可是他在这个时刻重新出现在她面前,已经快要感动得她热泪盈眶了,这个时候,没有语言可以形容她此刻的心情,她也不知道应该跟他说什么才好,只能红着眼睛轻轻摇头。
周翌珹叹气:“我半夜回来差点被你吓死,整个人烧得滚烫,吓得我直接把程医生从床上挖起来,如果温度再不降下来,我真准备亲自飞车送你去医院。”
“不行。”
简嘉一边吸鼻涕一边说:“无照驾驶是犯法的。”
“哦。”周翌珹揉揉她的头发,“看来脑袋没烧坏。”
两个人随便吃了点早饭之后,简嘉还是决定去医院,硬着头皮跟公司请了假,门诊医生的诊断简直让她郁闷得要死,扎耳洞感染而高烧的几率那样低,可是偏偏被简嘉赶上。

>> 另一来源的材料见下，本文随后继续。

(* Let $q\in(0,1)$, let $\alpha,p,j\ge0$ be integers, and let $b_n=q^n[n+\alpha+1]_q+q^{n+\alpha}[n]_q$ and $\lambda_n=q^{2n+\alpha-1}[n]_q[n+\alpha]_q$. Then $$\sum_{\omega\in\mathrm{Mot}_{p,j,j}}\mathrm{wt}_{b,\lambda}(\omega)=\sum_{M\in M^{(\alpha)}_{p,j}(p)}q^{\mathrm{cr}(M)}.$$
   Context: $[n]_q=\frac{1-q^n}{1-q}$. Motzkin paths: a Motzkin path is a sequence $(s_0,\dots,s_n)$ of points $s_i=(x_i,y_i)\in\mathbb{Z}^2$ with all $y_i\ge0$ such that each step $(s_i,s_{i+1})$ is an East step ($+(1,0)$), a North-East step ($+(1,1)$) or a South-East step ($+(1,-1)$); the step has height $k$ if $y_i=k$. $\mathrm{Mot}_{n,k,l}$ is the set of Motzkin paths from $(0,k)$ to $(n,l)$. An East step of height $k$ has weight $b_k$, a North-East step weight $1$, a South-East step of height $k$ weight $\lambda_k$; $\mathrm{wt}_{b,\lambda}(\omega)$ is the product of the step weights. Bipartite matchings: for integers $n,j,\alpha\ge0$, let $T_-=\{-\alpha-j,\dots,-1\}$, $T_+=\{1,\dots,n\}$ (top row), $B_-=\{-\tilde j,\dots,-\tilde 1\}$, $B_+=\{\tilde1,\dots,\tilde n\}$ (bottom row; $\tilde m$ is a formal copy of the integer $m$, and bottom vertices are compared via these integers). A bipartite matching is a set partition of $T_-\cup T_+\cup B_-\cup B_+$ into singletons (isolated vertices) and blocks $\{a,\tilde b\}$ with $a$ top, $\tilde b$ bottom (edges, written $(a,\tilde b)$). $M^{(\alpha)}_{n,j}$ is the set of such matchings with no edge between $T_-$ and $B_-$; $M^{(\alpha)}_{n,j}(l)$ its subset with exactly $l$ edges. The crossing number $\mathrm{cr}(M)$ is the total number of: (C1) unordered pairs of edges $(a,\tilde b),(c,\tilde d)$ with $a<c$ and $d<b$; (C2) pairs of an edge $(a,\tilde b)$ and an isolated top vertex $c$ with $c<a$; (C3) pairs of an edge $(a,\tilde b)$ and an isolated bottom vertex $\tilde d$ with $d<b$. *)

From mathcomp Require Import all_boot all_order all_algebra.
Set Implicit Arguments. Unset Strict Implicit. Unset Printing Implicit Defensive.
Import Order.TTheory GRing.Theory Num.Theory.
Local Open Scope ring_scope.
Lemma acyclic_add_edge E c d : symmetric E -> acyclic E -> ~~ connect E c d ->
  acyclic (add_edge E c d).
Proof.
move=> Esym Eacyc ncd C UC C3; apply/negP => cycC.
have [/andP[cC dC]|not_cdC] := boolP ((c \in C) && (d \in C)); last first.
  case/negP: (Eacyc C UC C3); apply: (sub_in_cycle (P := mem C)) cycC; last exact/allP.
  by move=> x y xC yC /orP[//|/uedgeP[] [ex ey]]; move: not_cdC; rewrite -ex -ey xC yC.
have cd : c != d by apply: contraNneq ncd => ->.
case: (rot_to cC) => i s rotC.
move: cycC UC C3; rewrite -(rot_cycle i) -(rot_uniq i) -(size_rot i) rotC.
have : d \in s by move: dC; rewrite -(mem_rot i) rotC inE eq_sym (negbTE cd).
case/splitPr=> s1 s2; rewrite /cycle rcons_cat /= -cat_rcons cat_path last_rcons.
case/andP=> Ps1 Ps2; rewrite mem_cat !inE negb_or => /andP[/andP[c_s1 /norP[_ c_s2]]].
rewrite cat_uniq /= => /and4P[_ /norP[d_s1 _] d_s2 _] C3.
(* One of the two arcs of the cycle between c and d has an inner vertex, so it avoids cd. *)
have [s1_nil|s1_nil] := eqVneq s1 [::].
  have s2_nil : s2 != [::] by move: C3; rewrite s1_nil; case: s2 {Ps2 c_s2 d_s2}.
  case/negP: ncd; rewrite (sym_connect_sym Esym); apply/connectP.
  by exists (rcons s2 c); rewrite ?last_rcons // (path_add_edge_inner c_s2 d_s2).
case/negP: ncd; apply/connectP; exists (rcons s1 d); rewrite ?last_rcons //.
exact: path_add_edge_inner c_s1 d_s1 s1_nil Ps1.
Qed.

取药的时候,周翌珹又被一通电话叫走,看起来十万火急,她只得一个人去输液。
去门诊输液室的线路十分复杂,当她正在自己查看指示牌的时候,忽然有人拍她的肩膀,转过脸去居然是那位何大夫,他脸上的表情丰富且复杂,第一句话就问:“咦,你跟老楚一起来的么?”
楚泽祺?跟她有什么关系?
看到简嘉神色奇怪,何医生马上变了口气转了话题:“没什么,你找什么?”
她苦恼地指着那些箭头:“输液室到底有多机密啊,转了半天我也没找到。”
何医生随手给她一指:“在那边,你走错方向啦。”
跟何医生告别之后,她拿着单据继续出发,很快找到了目的地。
输液室的人员密度并不比上班时间地铁车厢宽松多少,各式各样的药水袋下面坐着各式各样的人,大大小小男男女女老老少少,每个人都有一张被病痛折磨的异常愁苦的脸,她向来不喜欢医院,这里的空气都飘散着老去悲苦的气味,没有一丝丝温暖。
手机在衣袋里嗡嗡震动,掏出来看,是楚泽祺。
简嘉觉得手机握在掌心像是一块小小的炭,虽是温暖却也灼人,她盯着那个名字看了好久才打开短信,楚泽祺仿佛未卜先知,居然问她:在医院?身体不舒服么?
她想了想,单手按下几个字:是的,感冒了,在打针。
楚泽祺很快打电话过来,铃声响起来的时候让简嘉心头一震,她快速地接起来,声音有点嗡嗡地:“喂。”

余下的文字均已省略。